There was an area down from where we lived in the hills, down by Middlefield “Little Mexico” where the fields were not as well grated, and there were big depressions in the turf, where huge lakes (at least 8”deep) would accumulate during a good rainfall. Kip (Mom) would dress the girls all up in their finest Muck-luk attire (boots, hoods, slickers, goggles, astro-hand-warmers, etc…) and we would head for the puddles. It didn’t matter if it was raining 1” an hour at the time. It also didn’t really matter how cold it was outside, but being California, it was usually still mid ‘60’s when we were out.
The real game plan was to totally drench everybody around you. It didn’t matter that it was cold and wet, the action of the competition and play was such that nobody was ever cold. There would be the unsuspecting girl (or Black Lab) standing way too close to a 6” puddle, and it was irresistible to jump in with both feet and splash the heck our of everything.. As the exhaustion became an aphrodisiac and the endorphins mixed with the lack of sensitivity to the cold, we became a bit bolder. What were at first “foot- stomps” denigrated into full body slams into the cold rainwater. When the splashes were insufficient, there was indeed (hate to say it as a dad) dunking involved. There were side splashes, back splashes, back lashes and amazing crashes. There were times we brought our bikes, walked with spikes, floated tikes, it was all good.
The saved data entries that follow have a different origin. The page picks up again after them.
Lemma C1_of_is_derive (f f' : R -> R) x :
  locally x (fun t => is_derive f t (f' t)) -> continuous f' x -> C1 f x.
Proof.
  intros H1 H2. split.
  - eapply filter_imp; [|exact H1]. intros t Ht. exists (f' t); exact Ht.
  - apply (continuous_ext_loc _ f'); auto.
    eapply filter_imp; [|exact H1]. intros t Ht. symmetry. apply is_derive_unique; auto.
Qed.

Lemma C1_const c x : C1 (fun _ => c) x.
Proof.
  apply C1_of_is_derive with (fun _ => 0); [|apply continuous_const].
  apply filter_forall. intros; apply is_derive_Rconst.
Qed.

Lemma C1_plus f g x : C1 f x -> C1 g x -> C1 (fun t => f t + g t) x.
Proof.
  intros [H1 H2] [H3 H4]. apply C1_of_is_derive with (fun t => Derive f t + Derive g t).
  - eapply filter_imp; [|exact (filter_and _ _ H1 H3)]. intros t [Hf Hg].
    apply is_derive_Rplus; apply Derive_correct; auto.
  - apply continuous_Rplus; auto.
Qed.

Lemma C1_minus f g x : C1 f x -> C1 g x -> C1 (fun t => f t - g t) x.
Proof.
  intros [H1 H2] [H3 H4]. apply C1_of_is_derive with (fun t => Derive f t - Derive g t).
  - eapply filter_imp; [|exact (filter_and _ _ H1 H3)]. intros t [Hf Hg].
    apply is_derive_Rminus; apply Derive_correct; auto.
  - apply continuous_Rminus; auto.
Qed.

Lemma C1_mult f g x : C1 f x -> C1 g x -> C1 (fun t => f t * g t) x.
Proof.
  intros Hf Hg. pose proof (C1_continuous f x Hf). pose proof (C1_continuous g x Hg).
  destruct Hf as [H1 H2], Hg as [H3 H4].
  apply C1_of_is_derive with (fun t => Derive f t * g t + f t * Derive g t).
  - eapply filter_imp; [|exact (filter_and _ _ H1 H3)]. intros t [Hf Hg].
    apply is_derive_Rmult; apply Derive_correct; auto.
  - apply continuous_Rplus; apply continuous_Rmult; auto.
Qed.

Lemma C1_comp f g x : C1 g x -> C1 f (g x) -> C1 (fun t => f (g t)) x.
Proof.
  intros Hg Hf. pose proof (C1_continuous g x Hg) as Cg.
  destruct Hg as [H1 H2], Hf as [H3 H4].
  assert (L : locally x (fun t => ex_derive f (g t))) by (apply Cg; exact H3).
  apply C1_of_is_derive with (fun t => Derive g t * Derive f (g t)).
  - eapply filter_imp; [|exact (filter_and _ _ H1 L)]. intros t [A B].
    apply Derive_correct in A, B. exact (is_derive_comp f g t _ _ B A).
  - apply continuous_Rmult; auto. apply (continuous_comp g (Derive f)); auto.
Qed.

Lemma C1_inv f x : C1 f x -> f x <> 0 -> C1 (fun t => / f t) x.
Proof.
  intros H1 H2. apply (C1_comp (fun t => / t) f x H1).
  apply C1_of_is_derive with (fun t => - 1 / (t * t)).
  - assert (L : locally (f x) (fun t => 0 < t * t)).
    { apply (locally_pos (fun t => t * t)); [apply continuous_Rmult; apply continuous_id | nra]. }
    eapply filter_imp; [|exact L]. intros t Ht.
    eapply is_derive_replace; [apply is_derive_Rinv; [apply is_derive_Rid | nra] | cbv beta; field; nra].
  - apply continuous_Rdiv; [apply continuous_const | apply continuous_Rmult; apply continuous_id | nra].
Qed.
Definition interior_e (R : realType) (d : nat) (A : set 'rV[R]_d) : set 'rV[R]_d :=
  [set x | exists e : R, 0 < e /\
     forall y, dotv (y - x) (y - x) < e ^+ 2 -> A y].
Definition closure_e (R : realType) (d : nat) (A : set 'rV[R]_d) : set 'rV[R]_d :=
  [set x | forall e : R, 0 < e ->
     exists y, A y /\ dotv (y - x) (y - x) < e ^+ 2].
Definition bd (R : realType) (d : nat) (A : set 'rV[R]_d) : set 'rV[R]_d :=
  [set x | closure_e A x /\ ~ interior_e A x].

Definition cap_body (R : realType) (d : nat) (I : Type) (v : I -> 'rV[R]_d) :=
  conv (sphere R d `|` range v).

Definition spike (R : realType) (d : nat) (w : 'rV[R]_d) : set 'rV[R]_d :=
  bd (conv (sphere R d `|` [set w])) `\` sphere R d.

Definition illuminates (R : realType) (d : nat) (K : set 'rV[R]_d)
    (u p : 'rV[R]_d) : Prop :=
  exists lam : R, 0 < lam /\ interior_e K (p + lam *: u).

(* The vertex v lies in its own spike: every point of conv(S ∪ {v}) has inner
   product at most |v|^2 with v, so the points (1 + τ) v near v lie outside it.  A spike point inside the open unit
   ball is interior to K, hence illuminated by any direction.  A spike point p
   outside the ball is a limit of points c = W v + (1 - W) s with s in conv S. *)

From mathcomp Require Import all_boot all_order all_algebra.
From mathcomp Require Import classical_sets reals.
From mathcomp Require Import ring lra.
Import Order.TTheory GRing.Theory Num.Theory.
Local Open Scope ring_scope.
Local Open Scope classical_set_scope.
Set Implicit Arguments. Unset Strict Implicit.

Section InnerProduct.
Variables (R : realType) (d : nat).
Implicit Types (x y z : 'rV[R]_d).

Lemma dotvC x y : dotv x y = dotv y x.
Proof. by apply: eq_bigr => k _; rewrite mulrC. Qed.

Lemma dotvDl x y z : dotv (x + y) z = dotv x z + dotv y z.
Proof. by rewrite /dotv -big_split; apply: eq_bigr => k _; rewrite !mxE mulrDl. Qed.

Lemma dotvBl x y z : dotv (x - y) z = dotv x z - dotv y z.
Proof. by rewrite /dotv -sumrB; apply: eq_bigr => k _; rewrite !mxE mulrBl. Qed.

Lemma dotvZl a x y : dotv (a *: x) y = a * dotv x y.
Proof. by rewrite /dotv mulr_sumr; apply: eq_bigr => k _; rewrite !mxE mulrA. Qed.

Lemma dotvNl x y : dotv (- x) y = - dotv x y.
Proof. by rewrite -scaleN1r dotvZl mulN1r. Qed.

Lemma dotvDr x y z : dotv x (y + z) = dotv x y + dotv x z.
Proof. by rewrite dotvC dotvDl !(dotvC x). Qed.

Lemma dotvBr x y z : dotv x (y - z) = dotv x y - dotv x z.
Proof. by rewrite dotvC dotvBl !(dotvC x). Qed.
Lemma DeltaMon_xpow n : DeltaMon q (n, 0%N) = mon2 ((n, 0%N), (n, 0%N)).
Proof.
apply/malgP => z; rewrite mcoeff_DeltaMon DeltaYpow0 !mcoeff_mon2.
have E x : (0 == x - n) = (n == x) by rewrite eq_sym subr_eq0 eq_sym.
by case: z => [[? ?] [? ?]]; rewrite /= !xpair_eqE !E.
Qed.

Lemma mcoeff_DeltaMon_qint n M :
  (DeltaMon q (n, M.+1))@_((n, 1%N), (n + 1, M)) = \sum_(j < M.+1) q ^+ j.
Proof. by rewrite mcoeff_DeltaMon /= subrr addrAC subrr add0r mcoeff_DeltaYpow_qint. Qed.

Lemma mcoeff_Delta u z : (Delta q u)@_z = \sum_(a <- msupp u) u@_a * (DeltaMon q a)@_z.
Proof. exact: (mcoeff_linext (DeltaMon q)). Qed.

Lemma Delta_mon a : Delta q (mon a) = DeltaMon q a.
Proof. exact: (linextU1 (DeltaMon q)). Qed.

End Comultiplication.

Section Filtration.
Variables (k : fieldType) (q : k).
Hypothesis q_not_root1 : forall n : nat, (0 < n)%N -> q ^+ n != 1.
Local Notation HH := (HH k).
Local Notation TT := (TT k).
Local Notation mon := (mon k).

Lemma in_HsumE m (h : HH) : in_Hsum m h <-> forall a, (m < a.2)%N -> h@_a = 0.
Proof.
split=> H a; last by rewrite -mcoeff_neq0 leqNgt; apply: contra => /H/eqP.
by move=> ma; apply/eqP; rewrite mcoeff_eq0; apply/negP => /H; rewrite leqNgt ma.
Qed.

Lemma in_Hsum_mon m a : (a.2 <= m)%N -> in_Hsum m (mon a).
Proof. by move=> am b; rewrite msupp_mon inE => /eqP ->. Qed.

Lemma in_Hsum_le m n (h : HH) : (m <= n)%N -> in_Hsum m h -> in_Hsum n h.
Proof. by move=> mn hm a /hm am; exact: leq_trans am mn. Qed.

(* t lies in  H_0 (x) H + H (x) (H(0) + ... + H(m)) *)
Definition in_Tsum m (t : TT) :=
  forall x y : Idx, (0 < x.2)%N -> (m < y.2)%N -> t@_(x, y) = 0.

(* If b0 has maximal y-degree d in v, the coefficient of b0 (x) b0 in Delta(v)
   can only come from monomials of y-degree 2d, so d = 0. *)
Lemma grouplike_in_H0 v : Delta q v = tens v v -> in_Hsum 0 v.
Proof.
move=> Dv a av; rewrite leqn0; apply/eqP.
have [/= b0 _ maxb0] := @arg_maxnP (msupp v) [` av]%fset xpredT (fun b => (val b).2) isT.
have : (Delta q v)@_(val b0, val b0) != 0.
  by rewrite Dv (mcoeff_tens v) mulf_neq0 // mcoeff_neq0 fsvalP.
rewrite mcoeff_Delta => /sum_msupp_neq0 [b bv /DeltaMon_supp [_ /= deg_b]].
by have := maxb0 [` bv]%fset isT; have := maxb0 [` av]%fset isT; rewrite /=; lia.
Qed.

Lemma Delta_in_Tsum m u : in_Hsum m.+1 u -> in_Tsum m (Delta q u).
Proof.
move=> um x y x0 ym; rewrite mcoeff_Delta big1_seq // => a /andP[_ au].
have [->|/DeltaMon_supp [_ /= deg_a]] := eqVneq ((DeltaMon q a)@_(x, y)) 0.
  exact: mulr0.
have := um a au; move: x0 ym deg_a; case: a x y {au} => [? ?] [? ?] [? ?] /=; lia.
Qed.

Lemma in_Tsum_Delta m v : in_Tsum m (Delta q v) -> in_Hsum m.+1 v.
Proof.
move=> vT; apply/in_HsumE => -[n [|M]] //= mM.
have := vT (n, 1%N) (n + 1, M) isT mM.
rewrite mcoeff_Delta (sum_msupp_delta _ (a0 := (n, M.+1))) => [|a].
  rewrite mcoeff_DeltaMon_qint => /eqP; rewrite mulf_eq0 => /orP[/eqP //|].
  by rewrite (negbTE (sum_expr_neq0 (q_not_root1 _))).
apply: contraNeq => /DeltaMon_supp [/= e1 e2]; apply/eqP.
by case: a e1 e2 => /= ? ? <- <-; rewrite add1n.
Qed.

Lemma tensmap_in_Tsum m f g t :
  (forall n, in_Hsum 0 (f (mon (n, 0%N)))) ->
  (forall a : Idx, (a.2 <= m)%N -> in_Hsum m (g (mon a))) ->
  in_Tsum m t -> in_Tsum m (tensmap f g t).
Proof.
move=> f_x g_m tm x y x0 ym; rewrite mcoeff_tensmap big1_seq // => -[a1 a2] /andP[_ _].
have [->|ta] := eqVneq (t@_(a1, a2)) 0; first exact: mul0r.
case: a1 ta => n [|s] ta.
  by rewrite ((in_HsumE _ _).1 (f_x n) x x0) mul0r mulr0.
have a2m : (a2.2 <= m)%N by rewrite leqNgt; apply: contra ta => ?; apply/eqP/tm.
by rewrite ((in_HsumE _ _).1 (g_m a2 a2m) y ym) !mulr0.
Qed.

Section CoalgebraMaps.
Variable f : HH -> HH.
Hypothesis Delta_f : forall u, Delta q (f u) = tensmap f f (Delta q u).

Lemma coalg_map_xpow n : in_Hsum 0 (f (mon (n, 0%N))).
Proof.
by apply: grouplike_in_H0; rewrite Delta_f Delta_mon DeltaMon_xpow tensmap_mon2.
Qed.

Lemma coalg_map_in_Hsum_succ m :
  (forall a : Idx, (a.2 <= m)%N -> in_Hsum m (f (mon a))) ->
  forall u, in_Hsum m.+1 u -> in_Hsum m.+1 (f u).
Proof.
move=> f_m u um; apply: in_Tsum_Delta; rewrite Delta_f.
by apply: tensmap_in_Tsum => //; [exact: coalg_map_xpow | exact: Delta_in_Tsum].
Qed.

Lemma coalg_map_mon m a : (a.2 <= m)%N -> in_Hsum m (f (mon a)).
Proof.
elim: m a => [|m IH] [n s] /=; first by rewrite leqn0 => /eqP ->; exact: coalg_map_xpow.
by move=> sm; apply: (coalg_map_in_Hsum_succ IH); exact: in_Hsum_mon.
Qed.

Lemma coalg_map_in_Hsum m u : in_Hsum m.+1 u -> in_Hsum m.+1 (f u).
Proof. exact/coalg_map_in_Hsum_succ/coalg_map_mon. Qed.

End CoalgebraMaps.
End Filtration.

Section Automorphisms.
Variables (k : fieldType) (q : k).
Local Notation HH := (HH k).

Lemma Aut_c_id : Aut_c q id.
Proof. by split=> // [|u]; [exists id | rewrite tensmap_id]. Qed.

Lemma Aut_c_comp f g : Aut_c q f -> Aut_c q g -> Aut_c q (f \o g).
Proof.
case=> lf bf Df ef [lg bg Dg eg]; split.
- by move=> c u v /=; rewrite lg lf.
- exact: bij_comp.
- by move=> u /=; rewrite Df Dg tensmap_comp.
- by move=> u /=; rewrite ef eg.
Qed.

Lemma Aut_c_inv f g : Aut_c q f -> cancel f g -> cancel g f -> Aut_c q g.
Proof.
case=> lf _ Df ef fK gK.
have lg : is_klinear g by move=> c u v; apply: (can_inj fK); rewrite lf !gK.
split=> [//||u|u]; first exact: Bijective gK fK.
  have := Df (g u); rewrite gK => ->.
  by rewrite tensmap_comp // (eq_tensmap fK fK) tensmap_id.
by rewrite -{2}(gK u) ef.
Qed.

Lemma Aut_m_id m : Aut_m q m id.
Proof. by split=> //; exact: Aut_c_id. Qed.

Lemma Aut_m_comp m f g : Aut_m q m f -> Aut_m q m g -> Aut_m q m (f \o g).
Proof.
move=> [cf hf] [cg hg]; split; first exact: Aut_c_comp.
by move=> h Hh /=; rewrite hg // hf.
Qed.

Lemma Aut_m_inv m f g : Aut_m q m f -> cancel f g -> cancel g f -> Aut_m q m g.
Proof.
move=> [cf hf] fK gK; split; first exact: Aut_c_inv cf fK gK.
by move=> h Hh; rewrite -{1}(hf h Hh) fK.
Qed.

Lemma Aut_m_conj m f g h :
  (forall n : nat, (0 < n)%N -> q ^+ n != 1) -> (1 <= m)%N ->
  Aut_c q f -> cancel f g -> cancel g f -> Aut_m q m h -> Aut_m q m (f \o h \o g).
Proof.
move=> q_not_root1 m1 cf fK gK [ch hh]; have cg := Aut_c_inv cf fK gK.
split; first exact: Aut_c_comp (Aut_c_comp cf ch) cg.
case: m m1 hh => // m _ hh u um /=; have [_ _ Dg _] := cg.
by rewrite hh ?gK //; exact: (coalg_map_in_Hsum q_not_root1 Dg).
Qed.

Lemma Aut_m_Aut_0 m f : Aut_m q m f -> Aut_0 q f.
Proof. by case=> cf hf; split=> //; apply/hf/in_Hsum_mon. Qed.

Lemma Aut_m_le m n f : (m <= n)%N -> Aut_m q n f -> Aut_m q m f.
Proof. by move=> mn [cf hf]; split=> // h /(in_Hsum_le mn); exact: hf. Qed.

End Automorphisms.

Theorem lemma3p1 (k : fieldType) (q : k) (hq0 : q != 0)
  (hq : forall n : nat, (0 < n)%N -> q ^+ n != 1) :
  (forall m : nat, (1 <= m)%N ->
     [/\ (forall f, Aut_m q m f -> Aut_c q f),
         Aut_m q m id,
         (forall f g, Aut_m q m f -> Aut_m q m g -> Aut_m q m (f \o g)),
         (forall f g, Aut_m q m f -> cancel f g -> cancel g f -> Aut_m q m g)
       & (forall f g h, Aut_c q f -> cancel f g -> cancel g f ->
            Aut_m q m h -> Aut_m q m (f \o h \o g))]) /\
  (forall f, Aut_m q 1 f -> Aut_0 q f) /\
  (forall m : nat, (1 <= m)%N -> forall f, Aut_m q m.+1 f -> Aut_m q m f).
Proof.
split; last split.
- move=> m m1; split.
  + by move=> f [].
  + exact: Aut_m_id.
  + exact: Aut_m_comp.
  + exact: Aut_m_inv.
  + by move=> f g h; exact: Aut_m_conj.
- exact: Aut_m_Aut_0.
- by move=> m _ f; apply: Aut_m_le.
Qed.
The inevitable end to the day was to throw all the clothes (down to the undies) into a huge garbage bag, pile into the Astro Van (the best family vehicle we were ever exposed to until my wife decided we needed a leather lined Tahoe that got half the mileage and cost twice as much) and as hypothermia was beginning to take control, rolled back into the driveway of our Upland home.
Decontamination was efficient, concise, and incredibly poorly received. Upon return home after this afternoon of excess mud and clayurnal bliss, the clean-up process at home was not popular. There was the garden hose for the bulk of the mud, then the total strip search on the porch for the remainder of the mud. Tubs were simultaneously run, and by the time the girls had recovered from the shock of the hoses and subsequent stripping, and were ready for the hot tub. Not like we had a “HotTub” but the tub in their bathroom was by then, pretty inviting,
An hour later, dressed in their “onesies” or whatever attire was appropriate for their age, we were all snuggled in front of the fireplace. We were always resplendent with the memories of the day, the wonderful feeling of having an athletic “outdoor” day, enjoying the contrasts in temperature, the sheer excitement of the splashing and wallowing, and sharing the “Aprè” experience with our family.
Every time I see a puddle on the side of the road, I have to drive through it or stomp on it.